As we add up and substract real numbers: $2 +2 = 4$, we have to learn how these operations work when we deal with complex numbers in their binomic form.

Let's see then how to proceed if for example we want to find the complex number corresponding to the solution of: $$(6-5i)+(3+9i)$$

To add two complex numbers in their binomic form, we simply have to add up each of its components separately. Or in other words, we add the real parts on the one hand and we add the imaginary parts on the other hand.

In our example the real parts are $6$ and $3$, so they add up to $9$. The imaginary parts are $-5i$ and $9i$ so they add up to $4i$. Then, the result in binomic form will be a complex number which real part is the sum of the real components and the imaginary part is the sum of the imaginary components. Thats is $9 +4 i$.

In general, given two complex numbers, which in general can be expressed as follows:

$$z_1 =a+bi z_2 =a'+b'i$$

Their sum is defined as: $$z_1+z_2=(a+bi)+(ab'i)=(a+a')+(b+b')i$$

For example, $z_1=3+5i , \, z_2=4+7i$ $z_1 +z_2 =(3+5i)+(4+7i)=(3+4)+(5+7)i=7+12i$

or: $z_1=13+i , \, z_2=4-87i$ $z_1 +z_2 =(13+i)+(4-87i)=(13+4)+(1-87)i=17-86i$

In the case where we want to substract two complex numbers, the process will be the same but, instead of adding the real parts and the imaginary parts separately, now we will also substract them separately. So we carry out the computations of the imaginary and real parts separately, and then we join the results in the complex number $a+ib$ where $a$ is the result of doing the subtraction of the real parts, and $b$ is the result of doing the subtraction of the complex parts.

If we have $$(4+21i)-(7-3i)$$ In this case, the substraction of the real parts is: $(4-7)$

and the substraction of the imaginary parts is: $21i-(-3i)=(21+3)$

Therefore, joining $a + bi$ we obtain: $$(4+21i)-(7-3i)=(4-7)+(21-(-3))=-3+24i$$

or: $$\Big( \Big( \dfrac{3}{8} \Big) +7i\Big) -(\sqrt{2}+5i)= \Big( \dfrac{3}{8} +\sqrt{2} \Big) +(7-5)i= \dfrac{3-8\sqrt{2}}{8}+2i$$

Let's see how to proceed to solve products of complex numbers expressed in binomic form. We will do it with an example to better understand what we must do.

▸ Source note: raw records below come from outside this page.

Lemma dihedral_related_equiv : equivalence V dihedral_related.
Proof.
  split.
  - left. apply same_orbit_refl.
  - intros x y z [Hxy|Hxy] [Hyz|Hyz].
    + left. eapply same_orbit_trans; eauto.
    + right. eapply same_orbit_trans; eauto.
    + right. eapply same_orbit_trans; [exact Hxy|]. apply same_orbit_reflect, Hyz.
    + left. eapply same_orbit_trans; [exact Hxy|]. apply same_orbit_reflect in Hyz.
      rewrite s_invol in Hyz. exact Hyz.
  - intros x y [Hxy|Hxy].
    + left. apply same_orbit_sym. exact Hxy.
    + right. apply same_orbit_reflect in Hxy. rewrite s_invol in Hxy.
      apply same_orbit_sym. exact Hxy.
Qed.

(* Take F to be, in every dihedral
   orbit, the p-orbit of a chosen representative. *)
Theorem orientation :
  exists F : V -> Prop, (forall v, F (t (s v)) <-> F v) /\ (forall v, F (s v) <-> ~ F v).
Proof.
  destruct (class_representative V dihedral_related dihedral_related_equiv)
    as [rep [rep_related rep_eq]].
  exists (fun v => same_orbit (rep v) v). split.
  - intro v. fold (p v).
    rewrite <- (rep_eq v (p v)) by (left; apply same_orbit_rotation).
    split; intro H; eapply same_orbit_trans; eauto.
    + apply same_orbit_sym, same_orbit_rotation.
    + apply same_orbit_rotation.
  - intro v. rewrite <- (rep_eq v (s v)) by (right; rewrite s_invol; apply same_orbit_refl).
    destruct (rep_related v) as [Hv|Hv]; split.
    + intros Hsv _. apply (not_same_orbit_reflect v).
      eapply same_orbit_trans; eauto.
    + intro nHv. exfalso. apply nHv, same_orbit_sym. exact Hv.
    + intros _ Hv'. apply (not_same_orbit_reflect v), same_orbit_sym.
      eapply same_orbit_trans; [|exact Hv'].
      apply same_orbit_reflect in Hv. rewrite s_invol in Hv. exact Hv.
    + intros _. apply same_orbit_reflect in Hv. rewrite s_invol in Hv.
      apply same_orbit_sym. exact Hv.
Qed.

End Orientation.

Definition signed_transversal {A U : Type} (i : A -> A) (D : A -> Prop) (h : U -> A) : Prop :=
  (forall u, D (h u)) /\
  (forall a, D a -> exists u, a = h u \/ a = i (h u)) /\
  (forall u u', h u = h u' -> u = u') /\
  (forall u u', h u <> i (h u')).

Section CommonTransversal.
Variables (A B : Type) (iA : A -> A) (iB : B -> B) (f : A -> B) (g : B -> A).
Hypotheses (iA_invol : forall a, iA (iA a) = a) (iB_invol : forall b, iB (iB b) = b)
  (gf : forall a, g (f a) = a) (fg : forall b, f (g b) = b).

Variable F : A + B -> Prop.
Hypotheses (F_left : forall a, F (inl (iA a)) <-> ~ F (inl a))
  (F_right : forall b, F (inr (iB b)) <-> ~ F (inr b))
  (F_swap : forall a, F (inr (f (iA a))) <-> F (inl a)).

Let U := {a | F (inl a)}.

Lemma transversal_left : signed_transversal iA (fun _ => True) (fun u : U => proj1_sig u).
Proof.
  split; [|split; [|split]].
  - trivial.
  - intros a _. destruct (classic (F (inl a))) as [Ha|Ha].
    + exists (exist _ a Ha). left. reflexivity.
    + apply F_left in Ha. exists (exist _ (iA a) Ha). right. simpl. now rewrite iA_invol.
  - intros u u'. apply sig_eq.
  - intros [a Ha] [a' Ha'] E. simpl in E. subst a.
    apply F_left in Ha. exact (Ha Ha').
Qed.

Lemma transversal_right :
  signed_transversal iB (fun _ => True) (fun u : U => f (iA (proj1_sig u))).
Proof.
  assert (pick : forall b, F (inr b) -> exists u : U, f (iA (proj1_sig u)) = b).
  { intros b Hb. assert (Ha : F (inl (iA (g b)))) by (apply F_swap; now rewrite iA_invol, fg).
    exists (exist (fun a => F (inl a)) _ Ha). simpl. now rewrite iA_invol, fg. }
  split; [|split; [|split]].
  - trivial.
  - intros b _. destruct (classic (F (inr b))) as [Hb|Hb].
    + destruct (pick b Hb) as [u Hu]. exists u. left. auto.
    + apply F_right in Hb. destruct (pick _ Hb) as [u Hu]. exists u. right.
      now rewrite Hu, iB_invol.
  - intros [a Ha] [a' Ha'] E. simpl in E. apply sig_eq. simpl.
    apply (f_equal (fun b => iA (g b))) in E. now rewrite !gf, !iA_invol in E.
  - intros [a Ha] [a' Ha'] E. simpl in E.
    apply F_swap in Ha. apply F_swap in Ha'. rewrite E in Ha.
    apply F_right in Ha. exact (Ha Ha').
Qed.

End CommonTransversal.

Lemma common_transversal (A B : Type) (iA : A -> A) (iB : B -> B) (f : A -> B) (g : B -> A) :
  (forall a, iA (iA a) = a) -> (forall b, iB (iB b) = b) ->
  (forall a, iA a <> a) -> (forall b, iB b <> b) ->
  (forall a, g (f a) = a) -> (forall b, f (g b) = b) ->
  exists (U : Type) (hA : U -> A) (hB : U -> B),
    signed_transversal iA (fun _ => True) hA /\ signed_transversal iB (fun _ => True) hB.
Proof.
  intros iA_invol iB_invol iA_fpf iB_fpf gf fg.
  set (s := fun v : A + B => match v with inl a => inl (iA a) | inr b => inr (iB b) end).
  set (t := fun v : A + B => match v with inl a => inr (f a) | inr b => inl (g b) end).
  assert (s_invol : forall v, s (s v) = v) by (intros [a|b]; unfold s; f_equal; auto).
  assert (t_invol : forall v, t (t v) = v) by (intros [a|b]; unfold t; f_equal; auto).
  assert (s_fpf : forall v, s v <> v)
    by (intros [a|b] E; unfold s in E; injection E; [apply iA_fpf|apply iB_fpf]).
  assert (t_fpf : forall v, t v <> v) by (intros [a|b]; unfold t; discriminate).
  destruct (orientation (A + B) s t s_invol t_invol s_fpf t_fpf) as [F [F_rot F_refl]].
  exists {a | F (inl a)}, (fun u => proj1_sig u), (fun u => f (iA (proj1_sig u))).
  split; [apply transversal_left|apply (transversal_right A B iA iB f g)]; auto;
    intro x; first [exact (F_refl (inl x)) | exact (F_refl (inr x)) | exact (F_rot (inl x))].
Qed.

Lemma transversal_of_subtype {A U : Type} (i : A -> A) (D : A -> Prop)
  (iD : {x | D x} -> {x | D x}) (h : U -> {x | D x}) :
  (forall x, proj1_sig (iD x) = i (proj1_sig x)) ->
  signed_transversal iD (fun _ => True) h ->
  signed_transversal i D (fun u => proj1_sig (h u)).
Proof.
  intros iD_val [_ [h_cover [h_inj h_ninv]]]. split; [|split; [|split]].
  - intro u. exact (proj2_sig (h u)).
  - intros a Ha. destruct (h_cover (exist D a Ha) I) as [u [E|E]]; exists u;
      [left|right; rewrite <- iD_val]; now rewrite <- E.
  - intros u u' E. apply h_inj, sig_eq, E.
  - intros u u' E. apply (h_ninv u u'), sig_eq. now rewrite iD_val.
Qed.

Section GroupFacts.
Variables (G : Type) (mul : G -> G -> G) (one : G) (inv : G -> G).
Hypothesis HG : is_group mul one inv.

Lemma inv_inv a : inv (inv a) = a.
Proof.
  destruct HG as [assoc [one_l [one_r [inv_l _]]]].
  rewrite <- (one_r (inv (inv a))), <- (inv_l a), assoc, inv_l. apply one_l.
Qed.

Lemma mul_cancel_l g a b : mul g a = mul g b -> a = b.
Proof.
  destruct HG as [assoc [one_l [_ [inv_l _]]]].
  intro E. apply (f_equal (mul (inv g))) in E. now rewrite !assoc, inv_l, !one_l in E.
Qed.

Lemma inv_one : inv one = one.
Proof. destruct HG as [_ [one_l [_ [_ inv_r]]]]. rewrite <- (one_l (inv one)). apply inv_r. Qed.

Definition sub_inv (D : G -> Prop) (HD : forall g, D (inv g) <-> D g) (x : {g | D g}) :
  {g | D g} := exist D (inv (proj1_sig x)) (proj2 (HD _) (proj2_sig x)).

Lemma group_transversals (R L : G -> Prop) :
  (forall g, R (inv g) <-> R g) -> (forall g, L (inv g) <-> L g) ->
  equipotent R L -> (forall g, R g \/ L g -> inv g <> g) ->
  exists (U : Type) (rho lam : U -> G),
    signed_transversal inv R rho /\ signed_transversal inv L lam.
Proof.
  intros HR HL [f [g [gf fg]]] Hnoinv.
  destruct (common_transversal _ _ (sub_inv R HR) (sub_inv L HL) f g)
    as [U [hR [hL [TR TL]]]]; auto.
  - intro x. apply sig_eq, inv_inv.
  - intro y. apply sig_eq, inv_inv.
  - intros [x Hx] E. apply (Hnoinv x); [now left|]. exact (f_equal (@proj1_sig _ _) E).
  - intros [y Hy] E. apply (Hnoinv y); [now right|]. exact (f_equal (@proj1_sig _ _) E).
  - exists U, (fun u => proj1_sig (hR u)), (fun u => proj1_sig (hL u)).
    split; eapply transversal_of_subtype; eauto; reflexivity.
Qed.

End GroupFacts.

Section BiCayleyPresentation.
Variables (G : Type) (mul : G -> G -> G) (one : G) (inv : G -> G).
Hypothesis HG : is_group mul one inv.
Variables (R L S : G -> Prop) (U : Type) (rho lam : U -> G).
Hypotheses (HR : forall g, R (inv g) <-> R g) (HL : forall g, L (inv g) <-> L g)
  (rho_transversal : signed_transversal inv R rho)
  (lam_transversal : signed_transversal inv L lam).

Let assoc : forall a b c, mul a (mul b c) = mul (mul a b) c := proj1 HG.
Let one_r : forall a, mul a one = a := proj1 (proj2 (proj2 HG)).
Let inv_l : forall a, mul (inv a) a = one := proj1 (proj2 (proj2 (proj2 HG))).
Let inv_r : forall a, mul a (inv a) = one := proj2 (proj2 (proj2 (proj2 HG))).
Let inv_invol : forall a, inv (inv a) = a := inv_inv G mul one inv HG.
Let rho_in : forall u, R (rho u) := proj1 rho_transversal.
Let rho_cover : forall r, R r -> exists u, r = rho u \/ r = inv (rho u) :=
  proj1 (proj2 rho_transversal).
Let lam_in : forall u, L (lam u) := proj1 lam_transversal.
Let lam_cover : forall l, L l -> exists u, l = lam u \/ l = inv (lam u) :=
  proj1 (proj2 lam_transversal).

Local Notation letterB := (letter U {s | S s}).

Definition signed (h : U -> G) (u : U) (x : bool) : G := if x then h u else inv (h u).

(* Letters act on vertices (g, b) of Bi(G,R,L,S): LU u x moves along the signed
   element of rho (side 0) or lam (side 1); LI s crosses from side 0 to side 1
   along s, or back along s^-1. *)
Definition letter_elt (b : bool) (l : letterB) : G :=
  match l with
  | LU u x => signed (if b then lam else rho) u x
  | LI s => if b then inv (proj1_sig s) else proj1_sig s
  end.

Definition letter_side (b : bool) (l : letterB) : bool :=
  match l with LU _ _ => b | LI _ => negb b end.

Definition bi_step (v : G * bool) (l : letterB) : G * bool :=
  (mul (fst v) (letter_elt (snd v) l), letter_side (snd v) l).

Let's look for the solution of the product: $$(3+9i)\cdot(4+2i)$$

What we will do is to apply the distributive property of the product with respect to the sum. This is: $$\displaystyle \begin{array}{rl} (3+9i)\cdot(4+2i)&=3\cdot4+3\cdot2i+9i\cdot4+9i\cdot2i \\ & =12+6i+36i+18i^2=12+42i+18i^2 \end{array}$$

Now, bearing in mind that $i=\sqrt{-1} \Rightarrow i^2=-1$ and substituting in the previous expression, we have: $$\displaystyle \begin{array}{rl} (3+9i)\cdot(4+2i) &=12+42i+18i^2=12+42i+18(-1) \\ &=12-18+42i=-6+42i \end{array}$$

Therefore, the real part of the product of two complexes also includes the factor that multiplies $i^2$, since it is $-1$.

In general, we will have:

To calculate the product of any two complex numbers that we will denote typically as

$$z_1 =a+bi$$

$$z_2 =a'+b'i$$

we will have to apply the following formula that comes out when applying the distributive property and the property that $i=\sqrt{-1} \Rightarrow i^2=-1$.

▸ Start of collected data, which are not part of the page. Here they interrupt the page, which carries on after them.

(* Consider a single-item auction setting with a feature space $\mathcal{Z}$, $n$ buyers each with unit demand and a single seller with supply $\lambda > 0$ and cost $c = 0$. Conditioned on each feature vector $z$, the buyers' bids $b_1,\dots,b_n$ are independent with $b_i \sim F_i^z$. For a pricing policy $p:\mathcal{Z}\to\mathbb{R}$ the clearing loss is $$\ell^c(p,z,\mathbf{b},c) = \sum_{i=1}^n \max\{b_i - p(z),0\} + \lambda \max\{p(z)-c,0\}.$$ Let $p$ be the pricing policy minimizing the expected clearing loss (i.e., for each $z$, $p(z)$ solves $\sum_{i=1}^n (1-F_i^z(p(z))) = \lambda$). Let $b^{(1)} = \max_i b_i$. Then the expected social welfare $\mathbb{E}[{\sf SW}] = \mathbb{E}[b^{(1)}\,\mathbf{1}[b^{(1)} \ge p]]$ under $p$ is at least $(1-e^{-\lambda})\,\mathbb{E}[b^{(1)}]$, i.e., at least a $1-e^{-\lambda}$ fraction of the optimal social welfare, which is obtained by setting no reserve.
   Context: $\mathbf{1}[\cdot]$ is the indicator function. Social welfare is the value of the highest bid when the item is sold and $0$ otherwise. *)

From HB Require Import structures.
From mathcomp Require Import all_boot all_order all_algebra.
From mathcomp Require Import all_classical all_reals all_analysis.
Set Implicit Arguments. Unset Strict Implicit. Unset Printing Implicit Defensive.
Import Order.TTheory GRing.Theory Num.Theory.
Local Open Scope classical_set_scope.
Local Open Scope ring_scope.

(* Bids live on a sample space Omega; given the feature z, the joint law of the
   outcome is the probability measure k z (k a probability kernel Z ~> Omega);
   the bid of buyer i is the measurable function b i : Omega -> R. *)

(* highest bid b^(1) = max_i b_i (bids are nonnegative, so 0 is a neutral start) *)
Definition top_bid (R : realType) (T : Type) (n : nat) (b : 'I_n -> T -> R)
  (w : T) : R := \big[Num.max/0]_(i < n) b i w.

Definition cond_cdf d d' (Z : measurableType d) (Omega : measurableType d')
  (R : realType) (k : R.-pker Z ~> Omega) (n : nat) (b : 'I_n -> Omega -> R)
  (i : 'I_n) (z : Z) (t : R) : R :=
  fine (k z [set w | b i w <= t]).

Definition bids_cond_indep d d' (Z : measurableType d) (Omega : measurableType d')
  (R : realType) (k : R.-pker Z ~> Omega) (n : nat) (b : 'I_n -> Omega -> R) : Prop :=
  forall (z : Z) (A : 'I_n -> set R), (forall i, measurable (A i)) ->
    k z (\bigcap_(i in [set: 'I_n]) (b i @^-1` A i)) =
    (\big[*%E/1%E]_(i < n) k z (b i @^-1` A i))%E.

From HB Require Import structures.
From mathcomp Require Import all_boot all_order all_algebra.
From mathcomp Require Import all_classical all_reals all_analysis.
From mathcomp Require Import lra measurable_realfun.
Import Order.TTheory GRing.Theory Num.Theory.
Local Open Scope classical_set_scope.
Local Open Scope ring_scope.

(* Fix z and write X for the highest bid, p for p(z) and e := exp(-lam).  The
   event X < p means that every bid is below p, so by independence and
   x <= exp(x - 1), P(X < p) <= prod_i F_i(p) <= exp(-sum_i (1 - F_i(p))) = e.
   Pointwise (1 - e) X + e p <= X 1[p <= X] + p 1[X < p], and in expectation
   the last term is at most p e, which cancels the e p on the left. *)

Section nonneg_integral.
Context d (T : measurableType d) (R : realType).
Variable mu : {measure set T -> \bar R}.

(* No measurability is needed: a nonnegative integral is the supremum of the
   integrals of the simple functions below the integrand. *)
Lemma ge0_le_integralT (f g : T -> \bar R) :
  (forall x, 0 <= f x)%E -> (forall x, f x <= g x)%E ->
  (\int[mu]_x f x <= \int[mu]_x g x)%E.
Proof.
move=> f0 fg; have g0 x : (0 <= g x)%E by apply: le_trans (f0 x) (fg x).
rewrite (ge0_integralTE mu f0) (ge0_integralTE mu g0).
apply: ereal_sup_le => _ [h hf <-]; exists h => //= x.
exact: le_trans (hf x) (fg x).
Qed.

Lemma ge0_integralDZl (f g : T -> R) (c : R) :
  measurable_fun setT f -> measurable_fun setT g ->
  (forall x, 0 <= f x) -> (forall x, 0 <= g x) -> 0 <= c ->
  (\int[mu]_x (f x + c * g x)%:E =
   \int[mu]_x (f x)%:E + c%:E * \int[mu]_x (g x)%:E)%E.
Proof.
move=> mf mg f0 g0 c0.
under eq_integral do rewrite EFinD.
rewrite ge0_integralD//; last 4 first.
- by move=> x _; rewrite lee_fin.
- exact/measurable_EFinP.
- by move=> x _; rewrite lee_fin mulr_ge0.
- exact/measurable_EFinP/measurable_funM.
under [X in (_ + X)%E]eq_integral do rewrite EFinM.
rewrite ge0_integralZl_EFin//; last exact/measurable_EFinP.
by move=> x _; rewrite lee_fin.
Qed.

End nonneg_integral.

Lemma indic_preimage_itvcy (T : Type) (R : numDomainType) (X : T -> R) t w :
  \1_(X @^-1` `[t, +oo[) w = ((t <= X w)%R)%:R :> R.
Proof. by rewrite indicE preimage_itvcy mem_setE. Qed.

Lemma threshold_split_le (R : realFieldType) (x t e : R) :
  0 <= x -> 0 <= t -> 0 <= e <= 1 ->
  e * t + (1 - e) * x <= x * ((t <= x)%R)%:R + t * ((x < t)%R)%:R.
Proof. by move=> x0 t0 /andP[e0 e1]; case: leP => /= ?; nra. Qed.

Section threshold.
Context {d} {T : measurableType d} {R : realType}.
Context {P : {measure set T -> \bar R}}.
Hypothesis P1 : P setT = 1%E.

Lemma integral_above_threshold_ge (X : T -> R) (t e : R) :
  measurable_fun setT X -> (forall w, 0 <= X w) -> 0 <= e <= 1 ->
  (P [set w | (X w < t)%R] <= e%:E)%E ->
  ((1 - e)%:E * \int[P]_w (X w)%:E <=
   \int[P]_w (X w * ((t <= X w)%R)%:R)%:E)%E.
Proof.
move=> mX X0 e01 PXt; have /andP[e0 e1] := e01.
have [t_le0|t_gt0] := leP t 0.
  under [I in (_ <= I)%E]eq_integral do rewrite (le_trans t_le0 (X0 _)) mulr1.
  apply: gee_pMl => //; last by rewrite lee_fin gerBl.
  by apply: integral_ge0 => w _; rewrite lee_fin.
set S := [set w | X w < t].
have mS : measurable S.
  by rewrite /S -preimage_itvNyo -[A in measurable A]setTI; exact: mX.
have mXt : measurable_fun setT (fun w => X w * ((t <= X w)%R)%:R).
  under eq_fun do rewrite -indic_preimage_itvcy.
  apply: measurable_funM => //; apply: measurable_indic.
  by rewrite -[A in measurable A]setTI; exact: mX.
have indicS w : \1_S w = ((X w < t)%R)%:R :> R by rewrite indicE mem_setE.
have split_integral : ((e * t)%:E + (1 - e)%:E * \int[P]_w (X w)%:E <=
    \int[P]_w (X w * ((t <= X w)%R)%:R)%:E + t%:E * P S)%E.
  have -> : (e * t)%:E = (\int[P]_w (e * t)%:E)%E.
    by rewrite integral_cst // P1 mule1.
  have -> : P S = (\int[P]_w (\1_S w)%:E)%E by rewrite integral_indic // setIT.
  rewrite -!ge0_integralDZl //.
  - apply: ge0_le_integralT => w.
      by rewrite lee_fin addr_ge0 ?mulr_ge0 // ?subr_ge0 // ltW.
    by rewrite lee_fin indicS threshold_split_le // ltW.
  - by move=> w; rewrite mulr_ge0.
  - exact: ltW.
  - by move=> _; rewrite mulr_ge0 // ltW.
  - by rewrite subr_ge0.
rewrite -(@leeD2lE _ (e * t)%:E) //; apply: le_trans split_integral _.
by rewrite [leRHS]addeC leeD2l // EFinM muleC lee_pmul // lee_fin ltW.
Qed.

End threshold.

Section top_bid.
Context {d} {T : measurableType d} {R : realType}.
Context {n : nat} {b : 'I_n -> T -> R}.

Lemma top_bid_ge0 w : 0 <= top_bid b w.
Proof. exact: bigmax_ge_id. Qed.

Lemma measurable_top_bid :
  (forall i, measurable_fun setT (b i)) -> measurable_fun setT (top_bid b).
Proof.
move=> mb; rewrite /top_bid; elim: (index_enum _) => [|i r IH].
  by under eq_fun do rewrite big_nil; exact: measurable_cst.
by under eq_fun do rewrite big_cons; exact: measurable_maxr.
Qed.

Lemma top_bid_lt_bigcap t : 0 < t ->
  [set w | top_bid b w < t] = \bigcap_(i in [set: 'I_n]) (b i @^-1` `]-oo, t[).
Proof.
move=> t_gt0; apply/seteqP; split => w /=.
  by move=> /bigmax_ltP[_ bt] i _ /=; rewrite in_itv /= bt.
move=> bt; apply/bigmax_ltP; split => // i _.
by have := bt i I; rewrite /= in_itv.
Qed.

Context {P : {measure set T -> \bar R}}.
Hypothesis P1 : P setT = 1%E.
Hypothesis mb : forall i, measurable_fun setT (b i).
Hypothesis b_indep : forall A : 'I_n -> set R, (forall i, measurable (A i)) ->
  P (\bigcap_(i in [set: 'I_n]) (b i @^-1` A i)) =
  (\big[*%E/1%E]_(i < n) P (b i @^-1` A i))%E.

Let measurable_bid_preimage i (A : set R) :
  measurable A -> measurable (b i @^-1` A).
Proof. by move=> mA; rewrite -[X in measurable X]setTI; exact: mb. Qed.

Let fin_num_bid_preimage i (A : set R) :
  measurable A -> P (b i @^-1` A) \is a fin_num.
Proof.
move=> mA; rewrite ge0_fin_numE //; apply: le_lt_trans (ltry 1).
by rewrite -P1 le_measure ?inE //; exact: measurable_bid_preimage.
Qed.

Lemma prob_top_bid_lt_le_expR t :
  (P [set w | (top_bid b w < t)%R] <=
   (expR (- \sum_(i < n) (1 - fine (P [set w | (b i w <= t)%R]))))%:E)%E.
Proof.
have [t_le0|t_gt0] := leP t 0.
  rewrite (_ : [set w | _] = set0) ?measure0 ?lee_fin ?expR_ge0 //.
  apply/seteqP; split => w //=.
  by rewrite ltNge (le_trans t_le0 (top_bid_ge0 w)).
rewrite top_bid_lt_bigcap // b_indep; last by move=> i; exact: measurable_itv.
rewrite -sumrN expR_sum.
rewrite (eq_bigr (fun i => (fine (P (b i @^-1` `]-oo, t[)))%:E)); last first.
  by move=> i _; rewrite fineK //; exact: fin_num_bid_preimage.
rewrite prodEFin lee_fin; apply: ler_prod => i _.
rewrite fine_ge0 ?measure_ge0 //=.
have bit_le : fine (P (b i @^-1` `]-oo, t[)) <= fine (P [set w | b i w <= t]).
  rewrite -(preimage_itvNyc (b i)) fine_le ?fin_num_bid_preimage //.
  apply: le_measure; rewrite ?inE; try exact: measurable_bid_preimage.
  by move=> w /= /ltW.
apply: le_trans bit_le _; rewrite opprB.
by have := expR_ge1Dx (fine (P [set w | b i w <= t]) - 1); rewrite addrC subrK.
Qed.

End top_bid.

Theorem mainTheorem3 (d d' : measure_display) (Z : measurableType d)
  (Omega : measurableType d') (R : realType)
  (mu : probability Z R) (k : R.-pker Z ~> Omega)
  (n : nat) (b : 'I_n -> Omega -> R) (lam : R) (p : Z -> R) :
  0 < lam ->
  (forall i, measurable_fun setT (b i)) ->
  (forall i w, 0 <= b i w) ->
  bids_cond_indep k b ->
  measurable_fun setT p ->
  (forall z, \sum_(i < n) (1 - cond_cdf k b i z (p z)) = lam) ->
  ((1 - expR (- lam))%R%:E *
     \int[mu]_z \int[k z]_w (top_bid b w)%:E
   <= \int[mu]_z \int[k z]_w
        (top_bid b w * ((p z <= top_bid b w)%R)%:R)%R%:E)%E.
Proof.
(* The nonnegativity of the bids is built into top_bid, a maximum started at
   0, and p need not be measurable since ge0_le_integralT is used for the
   outer integral. *)
move=> lam_gt0 mb _ b_indep _ cdf_sum.
set e := expR (- lam).
have e01 : 0 <= e <= 1 by rewrite expR_ge0 expR_le1 oppr_le0 ltW.
have e1_ge0 : 0 <= 1 - e by rewrite subr_ge0; case/andP: e01.
have mX := measurable_top_bid mb.
have X_integral_ge0 z : (0 <= \int[k z]_w (top_bid b w)%:E)%E.
  by apply: integral_ge0 => w _; rewrite lee_fin top_bid_ge0.
rewrite -ge0_integralZl_EFin //.
  apply: ge0_le_integralT => z; first by rewrite mule_ge0.
  apply: (integral_above_threshold_ge (prob_kernel z)) => //.
    exact: top_bid_ge0.
  rewrite /e -(cdf_sum z).
  exact: prob_top_bid_lt_le_expR (prob_kernel z) mb (b_indep z) _.
apply: measurable_fun_integral_kernel; first exact: measurable_kernel.
  by move=> w; rewrite lee_fin top_bid_ge0.
exact/measurable_EFinP.
Qed.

Therefore: $$z_1\cdot z_2 =(a+bi)(a'+b'i)=(a\cdot a' -b\cdot b')+(a\cdot b'+b\cdot a')i$$

For example: $z_1=3+5i \$, $\ z_2=4+7i$.

In this case we have $a=3, \ b=5, \ a'=4, \ b'=7$.

Then substituting in the formula: $$\displaystyle \begin{array}{rl} z_1\cdot z_2 &=(3+5i)(4+7i)=(3\cdot 4 -5\cdot 7)+(3\cdot 7+5\cdot 4)i \\ &=(12-35)+(21+20)i=-23+41i \end{array}$$

Let's see another example: $z_1=9-15i \$ and $\ z_2=4+i$.

Now we have that $a=9, \ b=-15, \ a'=4, \ b'=1$.

Then substituting in the formula we obtain: $$\displaystyle \begin{array}{rl} z_1\cdot z_2 &=(9-15i)(4+i)=(9\cdot 4 -(-15)\cdot 1)+(9\cdot 1+(-15)\cdot 4)i \\ &=(36+15)+(9-60)i=51-51i \end{array}$$

Special cases:

What happens when we multiply pure imaginary numbers?

Let's remember that a pure imaginary number is a complex number of the form $a+bi$ where $a=0$ and, therefore, it is in fact a multiple of the imaginary unit $i$.

Let's see an example: $$5i\cdot9i=9\cdot5\cdot i^2= 45\cdot (-1)= -45$$ We obtain a real number, or a complex number with an imaginary part equal to zero. So the result is a complex number $a+bi$ where $b=0$.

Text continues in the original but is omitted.